→ **Your task**: The word "mkposreal" marks the lines to keep; find each one in the data and copy it.

→ **Information**:
Lemma finite_intervals_avoid_nbhd (l : list (R * R)) x :
  (forall p, In p l -> ~ (fst p <= x <= snd p)) ->
  exists d, 0 < d /\ forall y, Rabs (y - x) < d -> forall p, In p l -> ~ (fst p <= y <= snd p).
Proof.
  induction l as [|p l IH]; intros H.
  - exists 1. split; [lra | intros y _ p []].
  - destruct IH as [d [Hd Hy]]; [intros p' Hp'; apply H; now right|].
    assert (Hp : ~ (fst p <= x <= snd p)) by (apply H; now left).
    assert (He : exists e, 0 < e /\ forall y, Rabs (y - x) < e -> ~ (fst p <= y <= snd p)).
    { destruct (Rlt_or_le x (fst p)).
      - exists (fst p - x). split; [lra|]. intros y Hy1. apply Rabs_def2 in Hy1. lra.
      - exists (x - snd p). split; [lra|]. intros y Hy1. apply Rabs_def2 in Hy1. lra. }
    destruct He as [e [He He2]].
    exists (Rmin d e). split; [now apply Rmin_pos|].
    pose proof (Rmin_l d e). pose proof (Rmin_r d e).
    intros y Hyx p' [<-|Hp']; [apply He2 | apply Hy]; auto; lra.
Qed.

Lemma digit_set_closed m L : closed_set (digit_set m L).
Proof.
  intros x Hx.
  destruct (Rlt_or_le x 0) as [Hx0|Hx0].
  { exists (mkposreal (- x) ltac:(lra)). intros y Hy [[Hy0 _] _].
    unfold disc in Hy. simpl in Hy. apply Rabs_def2 in Hy. lra. }
  destruct (Rlt_or_le 1 x) as [Hx1|Hx1].
  { exists (mkposreal (x - 1) ltac:(lra)). intros y Hy [[_ Hy1] _].
    unfold disc in Hy. simpl in Hy. apply Rabs_def2 in Hy. lra. }
  assert (Hn : exists n, forall w, length w = n -> incl w L ->
            ~ (digits_val m w <= x <= digits_val m w + (/ 2 ^ m) ^ n)).
  { apply NNPP. intros Hne. apply Hx. split; [lra|]. intros n.
    apply NNPP. intros Hnw. apply Hne. exists n. intros w H1 H2 H3. apply Hnw. eauto. }
  destruct Hn as [n Hn].
  destruct (finite_intervals_avoid_nbhd
    (map (fun w => (digits_val m w, digits_val m w + (/ 2 ^ m) ^ n)) (words L n)) x)
    as [d [Hd Hy]].
  { intros p Hp. apply in_map_iff in Hp. destruct Hp as [w [<- Hw]].
    destruct (words_sound L n w Hw). now apply Hn. }
  exists (mkposreal d Hd). intros y Hyd [_ Hy2]. unfold disc in Hyd. simpl in Hyd.
  destruct (Hy2 n) as [w [H1 [H2 H3]]].
  apply (Hy y Hyd (digits_val m w, digits_val m w + (/ 2 ^ m) ^ n)); [|exact H3].
  apply in_map_iff. exists w. split; [reflexivity | now apply words_complete].
Qed.

(* Multiplication by [2^m] shifts the expansion; the only carry, to the value [1], happens on
   expansions ending in the digit [2^m - 1] repeated, and then [{2^m y} = 0] is in the set. *)
Lemma digit_set_invariant m L : digits_below m L -> In 0%Z L ->
  times_p_invariant (2 ^ m) (digit_set m L).
Proof.
  intros HR H0 y [Hy01 Hy]. rewrite INR_pow2. pose proof (pow2_pos m).
  split; [pose proof (frac_part_bounds (2 ^ m * y)); lra|].
  intros n. destruct (Hy (S n)) as [[|x w] [H1 [H2 H3]]]; [discriminate|].
  injection H1 as H1.
  assert (Hw : incl w L) by exact (proj2 (incl_cons_inv H2)).
  destruct (digits_val_bounds m L w HR Hw) as [B1 B2]. rewrite H1 in B2.
  assert (Hv : digits_val m w <= 2 ^ m * y - IZR x <= digits_val m w + (/ 2 ^ m) ^ n).
  { simpl digits_val in H3. simpl pow in H3.
    replace (2 ^ m * y - IZR x) with (2 ^ m * (y - (IZR x + digits_val m w) / 2 ^ m)
      + digits_val m w) by (field; lra).
    replace ((/ 2 ^ m) ^ n) with (2 ^ m * (/ 2 ^ m * (/ 2 ^ m) ^ n)) by (field; lra).
    nra. }
  destruct (Rlt_or_le (2 ^ m * y - IZR x) 1) as [Hlt|Hge].
  - exists w. split; [exact H1 | split; [exact Hw|]].
    unfold frac_part. rewrite (Int_part_eq (2 ^ m * y) x) by lra. lra.
  - replace (2 ^ m * y) with (IZR (x + 1)) by (rewrite plus_IZR; lra).
    rewrite frac_part_IZR. exact (proj2 (digit_set_0 m L H0) n).
Qed.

→ **Written solution**:
  { exists (mkposreal (- x) ltac:(lra)). intros y Hy [[Hy0 _] _].
  { exists (mkposreal (x - 1) ltac:(lra)). intros y Hy [[_ Hy1] _].
  exists (mkposreal d Hd). intros y Hyd [_ Hy2]. unfold disc in Hyd. simpl in Hyd.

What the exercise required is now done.